The program counter as you know, stores the address of the next instruction to be executed. This is useful to resume the process in case it was either sleeping or waiting for I/O to occur. We don't explicitly initialize the value, because the system will automatically does that.

Every process has a signal mask with it. It is used to store the information about those signals it will block. More about this, we will see sooner.

Datatype for Process context:

In C, we have the datatype ucontext_t, for controlling the process context and it is actually a struct defined in the header file ucontext.h. The struct is defined as follows:

struct ucontext_t
    ucontext_t *uc_link;
    sigset_t uc_sigmask;    
    stack_t uc_stack;         
    mcontext_t uc_mcontext;

Although, you may get confused for now about the description of these datatypes, you will get a clear picture when we look at a sample program

The first one *uc_link is a pointer to another context. When the function associated with the current context completes its execution, the control transfers to the context pointed to by uc_link pointer. If you want nothing to happen after the completion of current context, then simply keep it as NULL.

The second one as I said previously is the signal mask associated with the context. You will come to know more about the datatype sigset_t sooner.

The stack_t is another struct which is defined as follows:

 typedef struct {
               void  *ss_sp;     
               int    ss_flags;  
               size_t ss_size;   
           } stack_t;

The first of these is a generic void pointer ss_sp, which points to the stack memory. We dynamically allocate some finite amount of memory for this pointer.

The second one ss_flags, is the flags associated with the stack, which is out of bounds in our discussion and so we simply initialize it to zero.

The third one is an integer type that stores the amount of memory that you allocated previously to the void pointer. Both values should match else your program may go wrong.

Coming back to our ucontext_t, the last datatype is the one which stores the registers values in it. We should be least concerned about it, because it is generally used by the system.

Now that we have learnt about the ucontext_t datatype, let us examine the basic functions used on this datatype. They are as follows:

int getcontext(ucontext_t *ucp); 

This function gets the context of the currently executing context. In other words, it takes a pointer to ucontext_t and stores all the register values, instruction pointer value which are there when this call is executed. This is either used while initializing a context or to explicitly get the context. It returns 0 on success and -1 on failure.

 int setcontext(const ucontext_t *ucp);

This is used to set the context of the calling process to the context pointed to by ucp.
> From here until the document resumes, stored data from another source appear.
(* Let $\mathcal{G}=(\mathcal{N},\mathcal{E})$ be a connected meshed graph (containing at least one cycle) with $N$ nodes and $E$ edges, and let $A\in\mathbb{R}^{E\times N}$ be its edge-node incidence matrix. Let $f\in\mathbb{R}^E$. Then there exist $x\in\mathbb{R}^E$ with $x>\mathbf{0}$ (entrywise) and $\theta\in\mathbb{R}^N$ such that $$\operatorname{diag}(f)\,x=A\theta$$ if and only if for every $n\in\operatorname{null}(A^\top)$ one of the following holds: (1) $f\odot n=\mathbf{0}$; or (2) there exist indices $i,j$ such that $(f\odot n)_i>0$ and $(f\odot n)_j<0$.
   Context: Incidence matrix: after assigning an arbitrary direction $e=(m,n)$ to each edge, $A_{e,k}=+1$ if $k=m$, $A_{e,k}=-1$ if $k=n$, and $A_{e,k}=0$ otherwise. $\odot$ denotes the entrywise product of vectors, and $\operatorname{diag}(v)$ the diagonal matrix with diagonal $v$. $\operatorname{null}(A^\top)=\{n\in\mathbb{R}^E: A^\top n=\mathbf{0}\}$. *)

From HB Require Import structures.
From mathcomp Require Import all_boot all_order all_algebra.
Set Implicit Arguments. Unset Strict Implicit. Unset Printing Implicit Defensive.
Import Order.TTheory GRing.Theory Num.Theory.
Local Open Scope ring_scope.

(* A graph with nodes 'I_N and edges 'I_E; each edge e is given an
   (arbitrary) direction e = (src e, dst e). *)

Definition simple_graph (N E : nat) (src dst : 'I_E -> 'I_N) : Prop :=
  (forall e, src e != dst e) /\
  (forall e e', ((src e == src e') && (dst e == dst e')) ||
                ((src e == dst e') && (dst e == src e')) -> e = e').

Definition adj (N E : nat) (src dst : 'I_E -> 'I_N) : rel 'I_N :=
  fun k l => [exists e, ((src e == k) && (dst e == l)) ||
                        ((src e == l) && (dst e == k))].

Definition graph_connected (N E : nat) (src dst : 'I_E -> 'I_N) : Prop :=
  forall k l : 'I_N, connect (adj src dst) k l.

Definition has_cycle (N E : nat) (src dst : 'I_E -> 'I_N) : Prop :=
  exists s : seq 'I_N, [/\ 3 <= size s, uniq s & cycle (adj src dst) s]%N.

Definition incidence (R : nzRingType) (N E : nat) (src dst : 'I_E -> 'I_N)
  : 'M[R]_(E, N) :=
  \matrix_(e < E, k < N)
    (if k == src e then 1 else if k == dst e then -1 else 0).

Definition hadamard (R : nzRingType) (E : nat) (u v : 'cV[R]_E) : 'cV[R]_E :=
  \col_(i < E) (u i 0 * v i 0).

Definition diagc (R : nzRingType) (E : nat) (v : 'cV[R]_E) : 'M[R]_E :=
  diag_mx v^T.

From HB Require Import structures.
From mathcomp Require Import all_boot all_order all_algebra.
From mathcomp Require Import lra.
Import Order.TTheory GRing.Theory Num.Theory.
Local Open Scope ring_scope.
Set Implicit Arguments. Unset Strict Implicit.

(* If [diag(f) x = A theta] with [x > 0] and [A^T n = 0], then
   [sum_e x_e (f n)_e = theta^T A^T n = 0], so [f n] is zero or has both signs.
   Conversely, orient every edge with [f_e <> 0] along the sign of [f_e] and
   let edges with [f_e = 0] be used both ways.  A closed walk through an
   oriented edge would yield a circulation [n] with [f n >= 0] and [f n <> 0],
   which the hypothesis excludes; hence the potential
   [theta_k = #{nodes reachable from k through some oriented edge}] strictly
   decreases along oriented edges and is constant along the others, i.e.
   [A theta] has the sign pattern of [f], and [x_e = (A theta)_e / f_e]
   (or [1] when [f_e = 0]) is a positive solution. *)

Lemma pos_weighted_sum_eq0 (R : numDomainType) (E : nat) (x v : 'cV[R]_E) :
  (forall e, 0 < x e 0) -> (forall e, 0 <= v e 0) ->
  \sum_e x e 0 * v e 0 = 0 -> v = 0.
Proof.
move=> xpos vge0 sum0; apply/matrixP => e j; rewrite (ord1 j) mxE.
have xv_ge0 i : 0 <= x i 0 * v i 0 by exact: mulr_ge0 (ltW (xpos i)) (vge0 i).
have /eqP := psumr_eq0P (fun i _ => xv_ge0 i) sum0 (i := e) isT.
by rewrite mulf_eq0 (gt_eqF (xpos e)) => /eqP.
Qed.

Lemma pos_weighted_sum_eq0_signs (R : realDomainType) (E : nat)
    (x v : 'cV[R]_E) :
  (forall e, 0 < x e 0) -> \sum_e x e 0 * v e 0 = 0 ->
  v = 0 \/ exists i j, 0 < v i 0 /\ v j 0 < 0.
Proof.
move=> xpos sum0.
have [/existsP[i vi_gt0]|/existsPn no_pos] := boolP [exists i, 0 < v i 0].
  have [/existsP[j vj_lt0]|/existsPn no_neg] := boolP [exists j, v j 0 < 0].
    by right; exists i, j.
  by left; apply: pos_weighted_sum_eq0 xpos _ sum0 => e; rewrite leNgt no_neg.
left; apply/oppr_inj; rewrite oppr0.
apply: pos_weighted_sum_eq0 xpos _ _ => [e|].
  by rewrite mxE oppr_ge0 leNgt no_pos.
by under eq_bigr do rewrite mxE mulrN; rewrite sumrN sum0 oppr0.
Qed.

Lemma diag_solution_null_sum (R : comNzRingType) (N E : nat)
    (A : 'M[R]_(E, N)) (f x : 'cV[R]_E) (theta : 'cV[R]_N) (n : 'cV[R]_E) :
  diagc f *m x = A *m theta -> A^T *m n = 0 ->
  \sum_e x e 0 * hadamard f n e 0 = 0.
Proof.
move=> sol null.
transitivity (((diagc f *m x)^T *m n) 0 0).
  by rewrite mxE; apply: eq_bigr => e _; rewrite /diagc mul_diag_mx !mxE mulrCA mulrA.
by rewrite sol trmx_mul -mulmxA null mulmx0 mxE.
Qed.

Lemma diag_solution_pos (R : realFieldType) (E : nat) (f y : 'cV[R]_E) :
  (forall e, Num.sg (y e 0) = Num.sg (f e 0)) ->
  exists x : 'cV[R]_E, (forall e, 0 < x e 0) /\ diagc f *m x = y.
Proof.
move=> sg_yf.
exists (\col_e (if f e 0 == 0 then 1 else y e 0 / f e 0)); split.
  move=> e; rewrite mxE; have [//|fn0] := eqVneq (f e 0) 0.
  rewrite -sgr_gt0 sgrM sgrV sg_yf -sgrM sgr_gt0.
  by rewrite lt0r mulf_neq0 //= -expr2 sqr_ge0.
apply/matrixP => e j; rewrite (ord1 j) /diagc mul_diag_mx !mxE.
have [f0|fn0] := eqVneq (f e 0) 0; last by rewrite mulrC divfK.
by move: (sg_yf e); rewrite f0 sgr0 mul0r => /eqP; rewrite sgr_eq0 => /eqP.
Qed.

Section Incidence.
Variables (R : nzRingType) (N E : nat) (src dst : 'I_E -> 'I_N).
Hypothesis no_loop : forall e, src e != dst e.
Local Notation A := (incidence R src dst).

Lemma tr_incidence_delta e :
  A^T *m (delta_mx e 0 : 'cV_E) = delta_mx (src e) 0 - delta_mx (dst e) 0.
Proof.
apply/matrixP => k j; rewrite !mxE (bigD1 e) //= big1 ?addr0; last first.
  by move=> i /negbTE ie; rewrite !mxE ie mulr0.
rewrite !mxE eqxx (ord1 j) eqxx !andbT mulr1.
have [->|_] := eqVneq k (src e); first by rewrite (negbTE (no_loop e)) subr0.
by case: eqVneq; rewrite ?subrr //= sub0r.
Qed.

Lemma mul_incidence_mxE (theta : 'cV[R]_N) e :
  (A *m theta) e 0 = theta (src e) 0 - theta (dst e) 0.
Proof.
rewrite mxE (bigD1 (src e)) //= (bigD1 (dst e)) /=; last by rewrite eq_sym no_loop.
rewrite big1 ?addr0; last first.
  by move=> k /andP[/negbTE k1 /negbTE k2]; rewrite mxE k1 k2 mul0r.
by rewrite !mxE eqxx eq_sym (negbTE (no_loop e)) eqxx mul1r mulN1r.
Qed.

End Incidence.

Section SignPotential.
Variables (R : realDomainType) (N E : nat) (src dst : 'I_E -> 'I_N).
Variable f : 'cV[R]_E.
Hypothesis no_loop : forall e, src e != dst e.
Local Notation A := (incidence R src dst).
Local Notation dl k := (delta_mx k 0 : 'cV[R]_N).

Definition strict_step : rel 'I_N := fun k l =>
  [exists e, ((0 < f e 0) && (src e == k) && (dst e == l)) ||
             ((f e 0 < 0) && (dst e == k) && (src e == l))].

Definition flat_step : rel 'I_N := fun k l =>
  [exists e, (f e 0 == 0) && (((src e == k) && (dst e == l)) ||
                              ((src e == l) && (dst e == k)))].

Definition weak_step : rel 'I_N := fun k l => strict_step k l || flat_step k l.

Definition conformal (n : 'cV[R]_E) := forall e, 0 <= f e 0 * n e 0.

Lemma conformalD n n' : conformal n -> conformal n' -> conformal (n + n').
Proof. by move=> cn cn' e; rewrite mxE mulrDr addr_ge0. Qed.

Lemma conformal_delta e c : 0 <= f e 0 * c -> conformal (c *: delta_mx e 0).
Proof.
move=> fc i; rewrite !mxE.
by have [->|/negbTE ie] := eqVneq i e; rewrite ?eqxx ?ie /= ?mulr1 ?mulr0.
Qed.

Lemma strict_step_flow k l : strict_step k l ->
  exists n, [/\ A^T *m n = dl k - dl l, conformal n & exists e, 0 < f e 0 * n e 0].
Proof.
case/existsP=> e /orP[/andP[/andP[f_gt0 /eqP<-] /eqP<-]|/andP[/andP[f_lt0 /eqP<-] /eqP<-]].
  exists (1 *: delta_mx e 0); split.
  - by rewrite scale1r tr_incidence_delta.
  - by apply: conformal_delta; rewrite mulr1 ltW.
  - by exists e; rewrite !mxE !eqxx !mulr1.
exists (-1 *: delta_mx e 0); split.
- by rewrite scaleN1r mulmxN tr_incidence_delta // opprB.
- by apply: conformal_delta; rewrite mulrN1 oppr_ge0 ltW.
- by exists e; rewrite !mxE !eqxx mulr1 mulrN1 oppr_gt0.
Qed.

Lemma weak_step_flow k l : weak_step k l ->
  exists n, A^T *m n = dl k - dl l /\ conformal n.
Proof.
case/orP; first by case/strict_step_flow=> n [? ? _]; exists n.
case/existsP=> e /andP[/eqP f0 /orP[/andP[/eqP<- /eqP<-]|/andP[/eqP<- /eqP<-]]].
  exists (1 *: delta_mx e 0); split; last by apply: conformal_delta; rewrite f0 mul0r.
  by rewrite scale1r tr_incidence_delta.
exists (-1 *: delta_mx e 0); split; last by apply: conformal_delta; rewrite f0 mul0r.
by rewrite scaleN1r mulmxN tr_incidence_delta // opprB.
Qed.

Lemma weak_path_flow k l : connect weak_step k l ->
  exists n, A^T *m n = dl k - dl l /\ conformal n.
Proof.
case/connectP=> p; elim: p k => [|m p IHp] k /= => [_ ->|/andP[km mp] l_last].
  by exists 0; split=> [|e]; rewrite ?mulmx0 ?subrr // mxE mulr0.
have [n1 [flow1 c1]] := weak_step_flow km.
have [n2 [flow2 c2]] := IHp m mp l_last.
by exists (n1 + n2); rewrite mulmxDr flow1 flow2 addrA subrK; split; last exact: conformalD.
Qed.

Definition descends k l := [exists a, exists b,
  [&& connect weak_step k a, strict_step a b & connect weak_step b l]].

Definition descendants k := [set l | descends k l].

Lemma descendants_weak_step k l :
  connect weak_step k l -> descendants l \subset descendants k.
Proof.
move=> kl; apply/subsetP => m; rewrite !inE.
case/existsP=> a /existsP[b /and3P[la ab bm]].
by apply/existsP; exists a; apply/existsP; exists b; rewrite ab bm (connect_trans kl).
Qed.

Hypothesis conformal_circulation_eq0 : forall n, A^T *m n = 0 -> conformal n ->
  forall e, f e 0 * n e 0 = 0.

Lemma descends_irrefl k : ~~ descends k k.
Proof.
apply/negP => /existsP[a /existsP[b /and3P[ka ab bk]]].
have [n1 [flow1 c1]] := weak_path_flow ka.
have [n2 [flow2 c2 [e pos_e]]] := strict_step_flow ab.
have [n3 [flow3 c3]] := weak_path_flow bk.
have circ : A^T *m (n1 + n2 + n3) = 0.
  by rewrite !mulmxDr flow1 flow2 flow3 !addrA !subrK subrr.
have := conformal_circulation_eq0 circ (conformalD (conformalD c1 c2) c3) e.
by rewrite !mxE !mulrDr; have := c1 e; have := c3 e; lra.
Qed.

Lemma strict_step_descendants k l :
  strict_step k l -> (#|descendants l| < #|descendants k|)%N.
Proof.
move=> kl; apply/proper_card/properP; split.
  by apply/descendants_weak_step/connect1; rewrite /weak_step kl.
exists l; rewrite !inE ?(negbTE (descends_irrefl l)) //.
by apply/existsP; exists k; apply/existsP; exists l; rewrite kl !connect0.
Qed.

Definition height : 'cV[R]_N := \col_k #|descendants k|%:R.

Lemma sg_incidence_height e : Num.sg ((A *m height) e 0) = Num.sg (f e 0).
Proof.
rewrite mul_incidence_mxE // !mxE.
case: (ltrgtP (f e 0) 0) => [f_lt0|f_gt0|f0].
- rewrite (ltr0_sg f_lt0) ltr0_sg // subr_lt0 ltr_nat; apply: strict_step_descendants.
  by apply/existsP; exists e; rewrite f_lt0 !eqxx orbT.
- rewrite (gtr0_sg f_gt0) gtr0_sg // subr_gt0 ltr_nat; apply: strict_step_descendants.
  by apply/existsP; exists e; rewrite f_gt0 !eqxx.
- suff -> : descendants (src e) = descendants (dst e) by rewrite subrr f0 sgr0.
  have flat k l : flat_step k l -> weak_step k l by rewrite /weak_step orbC => ->.
  have [se es] : flat_step (src e) (dst e) /\ flat_step (dst e) (src e).
    by split; apply/existsP; exists e; rewrite f0 !eqxx ?orbT.
  by apply/eqP; rewrite eqEsubset !descendants_weak_step ?connect1 ?flat.
Qed.

End SignPotential.

Lemma mixed_signs_conformal_eq0 (R : realDomainType) (E : nat) (f n : 'cV[R]_E) :
  (hadamard f n = 0 \/ exists i j, 0 < hadamard f n i 0 /\ hadamard f n j 0 < 0) ->
  conformal f n -> forall e, f e 0 * n e 0 = 0.
Proof.
case=> [/matrixP fn0 _ e | [i [j [_]]]]; first by have := fn0 e 0; rewrite !mxE.
by rewrite mxE => fn_lt0 /(_ j); rewrite leNgt fn_lt0.
Qed.

Theorem proposition3 (R : realFieldType) (N E : nat)
  (src dst : 'I_E -> 'I_N) (f : 'cV[R]_E) :
  simple_graph src dst ->
  graph_connected src dst ->
  has_cycle src dst ->
  (exists (x : 'cV[R]_E) (theta : 'cV[R]_N),
      (forall e, 0 < x e 0) /\
      diagc f *m x = incidence R src dst *m theta)
  <->
  (forall n : 'cV[R]_E, (incidence R src dst)^T *m n = 0 ->
      hadamard f n = 0 \/
      exists i j : 'I_E, 0 < hadamard f n i 0 /\ hadamard f n j 0 < 0).
Proof.
move=> [no_loop _] _ _; split.
  move=> [x [theta [xpos sol]]] n null.
  exact/(pos_weighted_sum_eq0_signs xpos)/(diag_solution_null_sum sol null).
move=> signs.
have no_circ n (null : (incidence R src dst)^T *m n = 0) :=
  mixed_signs_conformal_eq0 (signs n null).
have [x [xpos sol]] := diag_solution_pos (sg_incidence_height no_loop no_circ).
by exists x, (height src dst f); split.
Qed.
In other words, the control transfers to the state pointed to by ucp which was previously initialized by getcontext.

Let us take some analogy to avoid confusion. Suppose that you are watching a movie and there is an awesome action scene at say 22 minutes and 0 seconds from the beginning and you remembered the time. You completed watching the movie and started watching another one. Now, in the middle of this movie you thought of watching that action scene in the previous movie. So, you stopped playing the current one and started the previous one and forwarded to exactly 22 minutes and started watching it, till the end.

In the above analogy, every movie is like a context, you are watching the movie means you are executing the context. When you remember the time 22:00, it is like calling a getcontext function which stores the value 22 in say 't'. You completed watching the movie meaning the current context finished its execution. You started watching the 2nd one and would like to watch that action scene. This stopping of the 2nd movie and going to 22 minutes of the first one is done by setcontext, which takes the argument as 't'. The 2nd context execution has ended and first one is restored.

I hope you have got a clear idea about these functions. :)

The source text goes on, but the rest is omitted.